Data Analysis with Pandas
Learn essential data analysis techniques using Python and Pandas. This tutorial covers loading data, exploration, filtering, grouping, and pivot tables using a real sales dataset.
Prerequisites:
- Basic Python knowledge
- Pandas library installed
What you’ll learn:
- Loading and exploring CSV data
- Filtering and querying DataFrames
- Group by operations and aggregations
- Creating pivot tables for analysis
1. Setup: Import Libraries
First, let’s import the required libraries for data analysis.
import pandas as pd
import numpy as np
from datetime import datetime
# Display settings for better output formatting
pd.set_option('display.max_columns', None)
pd.set_option('display.width', None)
pd.set_option('display.float_format', '{:.2f}'.format)

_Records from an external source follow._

Lemma rim_two_nbrs (K : Cell -> Prop) (y : Cell) : rim K y -> two_rim_nbrs K y.
Proof.
move=> [y_in [c yc c_out]].
have c_ne_y : ~ (c.1 = y.1 /\ c.2 = y.2).
  case: c c_out {yc} => c1 c2 c_out /= [e1 e2].
  by rewrite e1 e2 -surjective_pairing in c_out.
have c_def : c = (y.1 + (c.1 - y.1), y.2 + (c.2 - y.2)).
  by rewrite !subrKC -surjective_pairing.
move: c_out yc c_ne_y; rewrite c_def /near /=.
set a := c.1 - y.1; set b := c.2 - y.2 => c_out yab ab_ne0.
have [ab1 | [a1 b1]] : `|a| + `|b| = 1 \/ `|a| = 1 /\ `|b| = 1 by lia.
  exact: rim_edge_out y_in ab1 c_out.
case: (EM (thick K (y.1 + a, y.2))) => [h_in | h_out]; last first.
  by apply: (rim_edge_out (a := a) (b := 0) y_in); rewrite ?normr0 ?addr0.
case: (EM (thick K (y.1, y.2 + b))) => [v_in | v_out]; last first.
  by apply: (rim_edge_out (a := 0) (b := b) y_in); rewrite ?normr0 ?add0r ?addr0.
exists (y.1 + a, y.2), (y.1, y.2 + b); split.
- by rewrite xpair_eqE; lia.
- by rewrite /adj /=; apply/eqP; lia.
- by rewrite /adj /=; apply/eqP; lia.
- by split => //; exists (y.1 + a, y.2 + b) => //; rewrite /near /=; lia.
- by split => //; exists (y.1 + a, y.2 + b) => //; rewrite /near /=; lia.
Qed.

Lemma rim_exists (K : Cell -> Prop) (k0 : Cell) (B : int) :
  K k0 -> (forall k : Cell, K k -> k.1 <= B) -> exists y, rim K y.
Proof.
move=> Kk0 K_bounded.
suff /(_ `|B - k0.1|%N.+2) [// | [k Kk]] : forall t : nat,
    (exists y, rim K y) \/ thick K (k0.1 + t%:Z, k0.2).
  by move: (K_bounded k Kk); rewrite /near /=; lia.
elim=> [|t [rim_ex | t_in]]; [by right; exists k0; rewrite // /near /=; lia | by left |].
case: (EM (thick K (k0.1 + t.+1%:Z, k0.2))) => [|t1_out]; [by right | left].
exists (k0.1 + t%:Z, k0.2); split => //.
by exists (k0.1 + t.+1%:Z, k0.2); rewrite // /near /=; lia.
Qed.

Section SquareInterior.

Variables (N : nat) (x0 y0 : int) (A : {fset Cell}).
Hypothesis sqA : square_interior A N x0 y0.

Definition interior (c : Cell) : bool :=
  [&& x0 < c.1, c.1 < x0 + (N - 1)%:Z, y0 < c.2 & c.2 < y0 + (N - 1)%:Z].

Definition box_corner (c : Cell) : Prop :=
  (c.1 = x0 \/ c.1 = x0 + (N - 1)%:Z) /\ (c.2 = y0 \/ c.2 = y0 + (N - 1)%:Z).

Lemma ring_mem (c : Cell) :
  in_box N x0 y0 c -> ~~ interior c -> ~ box_corner c -> c \in A.
Proof.
case: sqA => _ ringA; case: c => [r s]; rewrite /in_box /interior /box_corner /=.
move=> /and4P[r_ge r_le s_ge s_le] not_int not_corner.
have -> : (r, s) = (x0 + `|r - x0|%N%:Z, y0 + `|s - y0|%N%:Z) by congr pair; lia.
by apply: ringA; lia.
Qed.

print("Libraries imported successfully!")
print(f"Pandas version: {pd.__version__}")
print(f"NumPy version: {np.__version__}")

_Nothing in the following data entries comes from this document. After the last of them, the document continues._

(* Let $G$ be a graph on $n$ vertices ($n$ even and sufficiently large) in which every vertex has at least $n-\sqrt{n}/4000$ neighbors, and let a perfect matching of $G$ be chosen uniformly at random. Then for every vertex $v$, there are at most $\sqrt{n}/9$ vertices $u$ such that the probability that $(u,v)$ is contained in the matching is less than $\frac{99}{100n}$. *)

From HB Require Import structures.
From mathcomp Require Import all_boot all_order all_algebra all_field.
Set Implicit Arguments. Unset Strict Implicit. Unset Printing Implicit Defensive.
Import Order.TTheory GRing.Theory Num.Theory.

Definition simple_graph (V : finType) (adj : rel V) : Prop :=
  symmetric adj /\ irreflexive adj.

Definition degree (V : finType) (adj : rel V) (v : V) : nat :=
  #|[set u | adj v u]|.

Definition is_edge (V : finType) (adj : rel V) (e : {set V}) : bool :=
  [exists x, exists y, adj x y && (e == [set x; y])].

Definition perfect_matching (V : finType) (adj : rel V) (M : {set {set V}}) : bool :=
  [forall e in M, is_edge adj e] && [forall x, #|[set e in M | x \in e]| == 1%N].

Definition perfect_matchings (V : finType) (adj : rel V) : {set {set {set V}}} :=
  [set M | perfect_matching adj M].

Definition pm_prob (V : finType) (adj : rel V) (u v : V) : algC :=
  (#|[set M in perfect_matchings adj | [set u; v] \in M]|%:R /
   #|perfect_matchings adj|%:R)%R.

From HB Require Import structures.
From mathcomp Require Import all_boot all_order all_algebra all_field.
From mathcomp Require Import zify.
Import Order.TTheory GRing.Theory Num.Theory.
Set Implicit Arguments. Unset Strict Implicit. Unset Printing Implicit Defensive.

(* Encode perfect matchings as fixed-point-free involutions q along edges, let
   T be their number, N_u the number with q v = u, and K the largest number of
   non-neighbours of a vertex.  If v ~ u and q v <> u, either q u is a
   non-neighbour of q v ("q blocks u"), or trading the edges {v, q v}, {u, q u}
   for {v, u}, {q v, q u} gives an involution pairing v with u, from which q is
   recovered knowing q v; hence T <= n N_u + B_u, where B_u counts the
   involutions blocking u.  Each involution blocks at most K vertices, so
   sum_u B_u <= K T.  A neighbour u with n N_u < (1 - 1/m) T has B_u > T / m, so
   there are at most m K of them, and at most (m + 1) K such u in all; with
   m = 100 and K <= sqrt n / 4000 this is below sqrt n / 9.  Finally T > 0 when
   3 K < n, by a greedy construction that uses augmenting paths of length 3. *)

Lemma set2_eq (V : finType) (a b c d : V) :
  [set a; b] = [set c; d] -> c != d -> (a = c /\ b = d) \/ (a = d /\ b = c).
Proof.
move=> E ncd.
have ha : a \in [set c; d] by rewrite -E !inE eqxx.
have hb : b \in [set c; d] by rewrite -E !inE eqxx orbT.
have hc : c \in [set a; b] by rewrite E !inE eqxx.
have hd : d \in [set a; b] by rewrite E !inE eqxx orbT.
move: ha hb hc hd; rewrite !inE.
case/orP=> /eqP ea; subst a.
- move=> _ _ /orP[/eqP edc|/eqP edb]; first by rewrite edc eqxx in ncd.
  by left.
- move=> _ /orP[/eqP ecd|/eqP ecb] _; first by rewrite ecd eqxx in ncd.
  by right.
Qed.

Definition non_neighbours (V : finType) (adj : rel V) (w : V) : {set V} :=
  [set y | ~~ adj w y].

Section MatchingInvolutions.

Variables (V : finType) (adj : rel V).
Hypotheses (adj_sym : symmetric adj) (adj_irr : irreflexive adj).

Definition matching_involutions : {set {ffun V -> V}} :=
  [set q : {ffun V -> V} | [forall x, (q (q x) == x) && adj x (q x)]].

Definition matching_of (q : {ffun V -> V}) : {set {set V}} :=
  [set [set x; q x] | x : V].

Definition partner (M : {set {set V}}) : {ffun V -> V} :=
  [ffun x => odflt x [pick y | [set x; y] \in M]].

Lemma matching_involutionsP (q : {ffun V -> V}) :
  reflect (forall x, q (q x) = x /\ adj x (q x)) (q \in matching_involutions).
Proof.
rewrite inE; apply: (iffP forallP) => H x.
  by case/andP: (H x) => /eqP.
by case: (H x) => -> ->; rewrite eqxx.
Qed.

Lemma mem_matching_of (q : {ffun V -> V}) a b :
  q \in matching_involutions -> ([set a; b] \in matching_of q) = (q a == b).
Proof.
move=> /matching_involutionsP H; apply/imsetP/eqP; last by move=> <-; exists a.
case=> y _ E.
have nyq : y != q y by apply/eqP=> e; have := (H y).2; rewrite -e adj_irr.
by case: (set2_eq E nyq) => [[-> ->] | [-> ->]]; rewrite ?(H y).1.
Qed.

Lemma matching_of_inj : {in matching_involutions &, injective matching_of}.
Proof.
move=> p q hp hq E; apply/ffunP=> x.
have : [set x; p x] \in matching_of q by rewrite -E; apply/imsetP; exists x.
by rewrite mem_matching_of // => /eqP.
Qed.

Section PerfectMatching.

Variable M : {set {set V}}.
Hypothesis pmM : perfect_matching adj M.

Lemma perfect_matching_adj x y : [set x; y] \in M -> adj x y.
Proof.
case/andP: pmM => /forall_inP He _ /He /existsP[a /existsP[b /andP[ab /eqP E]]].
have nab : a != b by apply/eqP=> e; rewrite e adj_irr in ab.
by case: (set2_eq E nab) => [[-> ->]|[-> ->]]; rewrite // adj_sym.
Qed.

Lemma perfect_matching_uniq x y y' :
  [set x; y] \in M -> [set x; y'] \in M -> y = y'.
Proof.
move=> h1 h2.
have nxy : x != y.
  by apply/eqP=> e; have := perfect_matching_adj h1; rewrite e adj_irr.
case/andP: pmM => _ /forallP /(_ x) /cards1P[e0 E0].
have : [set x; y] \in [set e in M | x \in e] by rewrite !inE h1 eqxx.
have : [set x; y'] \in [set e in M | x \in e] by rewrite !inE h2 eqxx.
rewrite E0 !inE => /eqP <- /eqP E.
have : y \in [set x; y'] by rewrite -E !inE eqxx orbT.
by rewrite !inE eq_sym (negbTE nxy) /= => /eqP.
Qed.

Lemma perfect_matching_cover x : exists y, [set x; y] \in M.
Proof.
case/andP: pmM => /forall_inP He /forallP /(_ x) /cards1P[e0 E0].
have : e0 \in [set e in M | x \in e] by rewrite E0 inE.
rewrite inE => /andP[e0M xe0].
case/existsP: (He _ e0M) => a /existsP[b /andP[_ /eqP E]].
move: xe0; rewrite E !inE => /orP[/eqP->|/eqP->].
  by exists b; rewrite -E.
by exists a; rewrite setUC -E.
Qed.

Lemma partnerP x : [set x; partner M x] \in M.
Proof.
rewrite ffunE; case: pickP => [y //|H].
by case: (perfect_matching_cover x) => y; rewrite H.
Qed.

Libraries imported successfully!
Pandas version: 3.0.0
NumPy version: 2.4.2
2. Load and Explore Data
Let’s load our sales dataset and take a first look at the data structure.
# Load the sales data
df = pd.read_csv('/Users/bamr87/github/zer0-mistakes/assets/data/notebooks/sales_data.csv')

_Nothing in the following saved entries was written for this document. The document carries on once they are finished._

Section Distance.
Variables (T : finType) (e : rel T).

Lemma gdist_le_walk x y p : path e x p -> last x p = y -> gdist e x y <= size p.
Proof.
move=> ep lp; rewrite /gdist.
have [big|small] := leqP #|T| (size p).
  by apply: leq_trans (find_size _ _) _; rewrite size_iota.
rewrite leqNgt; apply/negP => /(before_find 0); rewrite nth_iota // add0n.
by move/existsPn/(_ (in_tuple p)); rewrite /= ep lp eqxx.
Qed.

Lemma gdistxx x : gdist e x x = 0.
Proof. by apply/eqP; rewrite -leqn0 (@gdist_le_walk _ _ [::]). Qed.

Lemma gdist_le_diameter x y : gdist e x y <= diameter e.
Proof.
apply: leq_trans (leq_bigmax x).
exact: (leq_bigmax (F := fun y => gdist e x y)).
Qed.

Definition via (S : {set T}) (x y : T) : bool :=
  [exists s in S, gdist e x y == gdist e x s + gdist e s y].

Hypothesis e_connected : connected_graph e.

Lemma shortest_walk x y :
  exists p, [/\ path e x p, last x p = y & size p = gdist e x y].
Proof.
have has_walk : has (walk_of_len e x y) (iota 0 #|T|).
  have /connectP [p ep ->] := e_connected x y.
  case: (shortenP ep) => q eq_q uq _; apply/hasP; exists (size q).
    rewrite mem_iota add0n /=.
    by have := max_card (mem (x :: q)); rewrite (card_uniqP uq).
  by apply/existsP; exists (in_tuple q); rewrite /= eq_q eqxx.
have lt_dist : gdist e x y < #|T| by move: has_walk; rewrite has_find size_iota.
move: has_walk => /(nth_find 0); rewrite -/(gdist e x y) nth_iota // add0n.
by case/existsP=> q /andP [eq_q /eqP lq]; exists q; rewrite size_tuple.
Qed.

Lemma gdist_triangle x y z : gdist e x z <= gdist e x y + gdist e y z.
Proof.
have [p [ep lp <-]] := shortest_walk x y.
have [q [eq_q lq <-]] := shortest_walk y z.
by rewrite -size_cat; apply: gdist_le_walk; rewrite ?cat_path ?last_cat lp ?ep ?eq_q.
Qed.

Lemma gdist_eq0 x y : gdist e x y = 0 -> x = y.
Proof. by have [p [_ <- <-]] := shortest_walk x y; case: p. Qed.

Lemma via_gdist_eq S r u v : via S r u -> via S r v ->
  {in S, forall s, gdist e s u = gdist e s v} -> gdist e r u = gdist e r v.
Proof.
move=> /exists_inP [s1 Ss1 /eqP ru] /exists_inP [s2 Ss2 /eqP rv] Suv.
have := gdist_triangle r s1 v; have := gdist_triangle r s2 u.
rewrite -(Suv _ Ss1) (Suv _ Ss2); lia.
Qed.

Lemma exists_edge : 1 < #|T| -> exists x y, e x y.
Proof.
case/card_gt1P=> x [y [_ _ nxy]]; have /connectP [p exp yp] := e_connected x y.
case: p exp yp => [_ yx|z p /= /andP [exz _] _]; last by exists x, z.
by rewrite yx /= eqxx in nxy.
Qed.

Hypothesis e_sym : symmetric e.

Lemma gdistC x y : gdist e x y = gdist e y x.
Proof.
wlog suff: x y / gdist e x y <= gdist e y x.
  by move=> le; apply/eqP; rewrite eqn_leq !le.
have [p [ep lp <-]] := shortest_walk y x.
rewrite -(size_belast y p) -size_rev; apply: gdist_le_walk.
  by rewrite -lp rev_path; apply: sub_path ep => u v; rewrite /= e_sym.
by case: p {ep} lp => [|z p] /= => [<-|_]; rewrite ?rev_cons ?last_rcons.
Qed.

Lemma viaC S x y : via S x y = via S y x.
Proof.
by apply: eq_existsb => s; rewrite (gdistC y x) (gdistC y s) (gdistC s x) addnC.
Qed.

End Distance.

Section RootedTree.
Variables (B : finType) (t : rel B).
Hypothesis t_sym : symmetric t.
Hypothesis t_unique_path : forall X Z : B, exists! p, simple_path t X Z p.
Variable root : B.

Definition spath (X Z : B) (p : seq B) := [&& path t X p, last X p == Z & uniq (X :: p)].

# Convert date column to datetime
df['date'] = pd.to_datetime(df['date'])
# Display first few rows
print("📊 Sales Data - First 10 rows:")
df.head(10)
📊 Sales Data - First 10 rows:
| date | product | category | quantity | unit_price | revenue | region | salesperson | |
|---|---|---|---|---|---|---|---|---|
| 0 | 2025-01-05 | Laptop Pro | Electronics | 3 | 1299.99 | 3899.97 | North | Alice Johnson |
| 1 | 2025-01-07 | Wireless Mouse | Electronics | 15 | 29.99 | 449.85 | South | Bob Smith |
| 2 | 2025-01-08 | Office Chair | Furniture | 5 | 249.99 | 1249.95 | East | Carol Davis |
| 3 | 2025-01-10 | Standing Desk | Furniture | 2 | 599.99 | 1199.98 | West | David Wilson |
| 4 | 2025-01-12 | Monitor 27inch | Electronics | 8 | 399.99 | 3199.92 | North | Alice Johnson |
| 5 | 2025-01-15 | Keyboard Mechanical | Electronics | 12 | 149.99 | 1799.88 | South | Bob Smith |
| 6 | 2025-01-17 | Desk Lamp | Furniture | 20 | 49.99 | 999.80 | East | Carol Davis |
| 7 | 2025-01-20 | Webcam HD | Electronics | 10 | 79.99 | 799.90 | West | David Wilson |
| 8 | 2025-01-22 | Laptop Pro | Electronics | 5 | 1299.99 | 6499.95 | North | Eve Martinez |
| 9 | 2025-01-25 | Wireless Mouse | Electronics | 25 | 29.99 | 749.75 | South | Frank Brown |
# Get basic information about the dataset
print("📋 Dataset Information:")
print(f"Shape: {df.shape[0]} rows × {df.shape[1]} columns")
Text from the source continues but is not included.